Sunday, August 19, 2007

Suffering from Racial Paranoia

Somewhere in this blog I've discussed racial hypochondria, the term I came up with for the feeling when you are being "oversensitive" about race, it's a bit different from paranoia, because with hypochondria, oftentimes these are people who have suffered from illnesses in the past and are therefore over-sensitive to issues related to their health. Similarly, with racial hyponchondria, these are people who have experienced racism or race related incidents that means that they are looking for similar experiences to happen to them.

However, what I experienced yesterday was a clear case of racial paranoia and not hypochondria, because there was really no basis in reality for my feelings, other than my own hyper-awareness to issues of race.

Yesterday my boyfriend and I went to a new French restaurant. We had about a 10-15 minute wait and so we went to the bar to get a drink. The bartender (who turns out to also be the co-owner of the restaurant) was busy engaged in talking to another couple at the bar and seemed to not recognize that we were interested in ordering drinks. Admittedly bad service, but for some reason, as we kept getting ignored (and after about 10 minutes had passed) I looked around the restaurant (it's a small place, about 50 diners) and realized I was the only visible non-white person in the whole place. And so then, I started to think, "is this because I'm Asian?"

Anyway, we eventually got our drinks, eventually (30 minutes later) got seated, and eventually received poor service from our waiter (who had to be asked to bring bread to the table and reminded to refill our water glasses). Overall I wasn't impressed with our meal or the service, but the truth is, although I continued to be the only non-white visible person in the restaurant, I believe the problems were inherent with the restaurant and not with the reaction to me because I was Asian and not white. And yet, that feeling persisted. I knew it was irrational, but I couldn't help *feeling* that my discomfort was linked to this racial difference.

And then today, as I was relating this to a friend, I realized that my feelings probably had a lot to do with the comparison between being, recently, in Toronto and California--places in which racial diversity is rampant and, in particular, Asian Americans (Canadians) are a visible and sizable presence. It just so happened that I was with my friend at an Urgent Care clinic (no worries--it was just a sprained ankle for her) and the doctor that she saw was South Asian (Indian to be precise) and so there we were, three Asian American women in a Southern state. And I felt right at home at that moment.

2 comments:

JoAnna said...

I completely understand this racial paranoia and must admit to experiencing it several times since I've moved to the south...particularly the first few months. In the past year, I've learned that general race relations in the south has been and continues to be very much a black-white conversation, with little attention to people in-between.

Not that this is a good thing...but I've come to realize that my racial identity as an Asian American is often only preoccupying my own mind and not those of the strangers surrounding me. I am also no longer shaken to the core of my being when I'm the only person of color or Asian American in the room. But don't get me wrong, I still and always will notice if there's another Asian/Asian American within a 2 mile radius of myself.

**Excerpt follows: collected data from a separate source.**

Lemma to_C_ReIm {R : realType} (z : R[i]) : to_C (complex.Re z, complex.Im z) = z.
Proof. by case: z. Qed.

Lemma lebesgue2_set1 {R : realType} (p : (R * R)%type) :
  (@lebesgue2 R).-null_set [set p].
Proof.
have -> : [set p] = [set p.1] `*` [set p.2].
  by apply/seteqP; split => -[x y] /=; [move=> <- | case: p => ? ? /= [-> ->]].
have m1 : measurable [set p.1] := measurable_set1 _.
have m2 : measurable [set p.2] := measurable_set1 _.
apply/measure0_null_setP; first exact: measurableX.
transitivity (@lebesgue_measure R [set p.1] * @lebesgue_measure R [set p.2])%E.
  exact: product_measure1E.
by rewrite lebesgue_measure_set1 mul0e.
Qed.

(* Triples (a, b, x) of complex numbers, each encoded as a pair of reals, with
   a != 0 and x a + b = 0. *)
Definition affine_zeros (R : realType) : set (((R * R) * (R * R)) * (R * R))%type :=
  [set p | to_C p.1.1 != 0 /\ to_C p.2 * to_C p.1.1 + to_C p.1.2 = 0].

Lemma measurable_affine_zeros (R : realType) : measurable (affine_zeros R).
Proof.
have ma : cmeasurable (fun p : (((R * R) * (R * R)) * (R * R))%type => to_C p.1.1).
  by apply: cmeasurable_to_C; exact: (measurableT_comp measurable_fst measurable_fst).
have mb : cmeasurable (fun p : (((R * R) * (R * R)) * (R * R))%type => to_C p.1.2).
  by apply: cmeasurable_to_C; exact: (measurableT_comp measurable_snd measurable_fst).
have mx : cmeasurable (fun p : (((R * R) * (R * R)) * (R * R))%type => to_C p.2).
  by apply: cmeasurable_to_C; exact: measurable_snd.
have -> : affine_zeros R = ~` [set p | to_C p.1.1 = 0] `&`
    [set p | to_C p.2 * to_C p.1.1 + to_C p.1.2 = 0].
  by apply/seteqP; split => p /= [/eqP a_neq0 zero].
apply: measurableI; first exact/measurableC/measurable_cmeasurable_eq0.
by apply: measurable_cmeasurable_eq0; apply: cmeasurableD => //; exact: cmeasurableM.
Qed.

(* For fixed (a, b) the section is empty or the single point x = - b / a. *)
Lemma affine_zeros_xsection_null {R : realType}
    {mu : {measure set (R * R)%type -> \bar R}} (u : ((R * R) * (R * R))%type) :
  mu `<< @lebesgue2 R -> mu (xsection (affine_zeros R) u) = 0%E.
Proof.
move=> mu_ac; have msec := measurable_xsection u (measurable_affine_zeros R).
have [a_eq0|a_neq0] := eqVneq (to_C u.1) 0.
  suff -> : xsection (affine_zeros R) u = set0 by exact: measure0.
  apply/seteqP; split => x //.
  by rewrite /xsection /= inE /affine_zeros /= a_eq0 => -[/eqP].
pose c := - to_C u.2 / to_C u.1.
have c_null := mu_ac _ (lebesgue2_set1 (complex.Re c, complex.Im c)).
apply: c_null => // x sec_x.
have [_ zero] : affine_zeros R (u, x) by move: sec_x; rewrite /xsection /= inE.
suff : to_C x = c by case: x {sec_x zero} => x1 x2 <-.
by apply: (mulIf a_neq0); rewrite mulrVK ?unitfE //; apply/eqP; rewrite -addr_eq0 zero.
Qed.

Section RandomDeterminant.
Context {R : realType} {d : measure_display} {Omega : measurableType d}
  {P : probability Omega R} {I : finType}
  {X : I -> {mfun Omega >-> (R * R)%type}}.
Hypothesis indep : mutually_independent P X.
Hypothesis X_ac : forall j, distribution P (X j) `<< @lebesgue2 R.

Local Notation sigma_off j0 := (g_sigma_algebraType (rects_off (X := X) j0)).

Definition rand_mx {k} (f : 'I_k * 'I_k -> I) (w : Omega) : 'M[R[i]]_k :=
  \matrix_(a, b) to_C (X (f (a, b)) w).

Lemma cmeasurable_X_off j0 i :
  i != j0 -> cmeasurable (fun w : sigma_off j0 => to_C (X i w)).
Proof.
move=> i_neq_j0; apply: cmeasurable_to_C => _ S mS; apply: sub_sigma_algebra.
exists (fun k => if k == i then S else setT); split.
- by move=> k; case: eqP.
- by rewrite eq_sym (negbTE i_neq_j0).
- apply/seteqP; split => w /=.
    by move=> [_ XS] k _; case: eqP => [->|].
  by move=> XS_all; split => //; have := XS_all i Logic.I; rewrite eqxx.
Qed.

Lemma affine_zero_negligible {j0} {a b : sigma_off j0 -> R[i]} :
  cmeasurable a -> cmeasurable b ->
  P.-negligible [set w | a w != 0 /\ to_C (X j0 w) * a w + b w = 0].
Proof.
move=> [ma1 ma2] [mb1 mb2].
pose Z w := ((complex.Re (a w), complex.Im (a w)), (complex.Re (b w), complex.Im (b w))).
have mZ : measurable_fun setT Z.
  by apply: measurable_fun_pair; apply: measurable_fun_pair.
have := negligible_off_xsection indep j0 mZ (measurable_affine_zeros R)
  (fun u => affine_zeros_xsection_null u (X_ac j0)).
by apply: negligibleS => w; rewrite /affine_zeros /= !to_C_ReIm.
Qed.

Lemma det_rand_mx_negligible {k} {f : 'I_k * 'I_k -> I} :
  injective f -> P.-negligible [set w | \det (rand_mx f w) = 0].
Proof.
move=> inj_f; elim: k f inj_f => [|k IH] f inj_f.
  apply: (negligibleS _ (negligible_set0 P)) => w /=.
  by rewrite det_mx00 => /eqP; rewrite oner_eq0.
set j0 := f (ord0, ord0).
pose f' p := f (lift ord0 p.1, lift ord0 p.2).
have inj_f' : injective f'.
  move=> [a b] [a' b'] /inj_f/eqP; rewrite xpair_eqE /=.
  by move=> /andP[/eqP/lift_inj -> /eqP/lift_inj ->].
pose M0 w :=
  \matrix_(a, b) (if (a == ord0) && (b == ord0) then 0 else rand_mx f w a b).
have det_rand_mxE w :
    \det (rand_mx f w) = to_C (X j0 w) * \det (rand_mx f' w) + \det (M0 w).
  rewrite det_split_corner mxE; congr (_ * \det _ + _).
  by apply/matrixP => a b; rewrite !mxE.
have f_neq_j0 a b : (a, b) != (ord0, ord0) -> f (a, b) != j0.
  by apply: contra => /eqP/inj_f ->.
have m_minor : cmeasurable (fun w : sigma_off j0 => \det (rand_mx f' w)).
  apply: cmeasurable_det => a b; under eq_fun do rewrite mxE.
  by apply: cmeasurable_X_off; rewrite f_neq_j0 // xpair_eqE !(eq_sym _ ord0) !neq_lift.
have m_rest : cmeasurable (fun w : sigma_off j0 => \det (M0 w)).
  apply: cmeasurable_det => a b; under eq_fun do rewrite !mxE.
  case ab_eq0 : ((a == ord0) && (b == ord0)); first exact: cmeasurable_cst.
  by apply: cmeasurable_X_off; rewrite f_neq_j0 // xpair_eqE ab_eq0.
have := negligibleU (IH f' inj_f') (affine_zero_negligible m_minor m_rest).
apply: negligibleS.
move=> w /=; rewrite det_rand_mxE.
by case: (eqVneq (\det (rand_mx f' w)) 0) => [->|minor_neq0 zero]; [left | right].
Qed.
End RandomDeterminant.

So is this a positive or negative situation? Is it good or bad that I have acclaimated to the lack of racial diversity in the area I currently live in?

On the other hand, when I lived in a more heterogenous community, I did not think of daily/personal inter-racial issues as much as I do now...

Jennifer said...

It is true, JoAnna, that your racial consciousness gets a real work out when you are away from California or other diverse/cosmopolitan places. When I moved from the Bay Area to Santa Barbara I was struck by how few AsAm people there were, and it was at UCSB that I found an interest in race and Asian American studies. And then while living in Boston, I was once again struck by how few Asian Americans there seemed to be (compared to California if not Santa Barbara) and again, I felt an even stronger urge to identify as Asian American and to pursue this as a field of study. And as I have moved from environments of increaingly fewer Asian American communities (at least ones with an established critical mass and political/activist history) I once again find myself hanging on to this tag as a banner of pride, as a badge of defiance, as a necessary cloth because I don't want to just be forgotten in the racial conversation of black-white Southern politics (which has opened up to a third space of Latino contemporary issues, but again, Asian Americans don't really seem to make it on the radar in the South unless we are seen as recent immigrants and entrepeurs).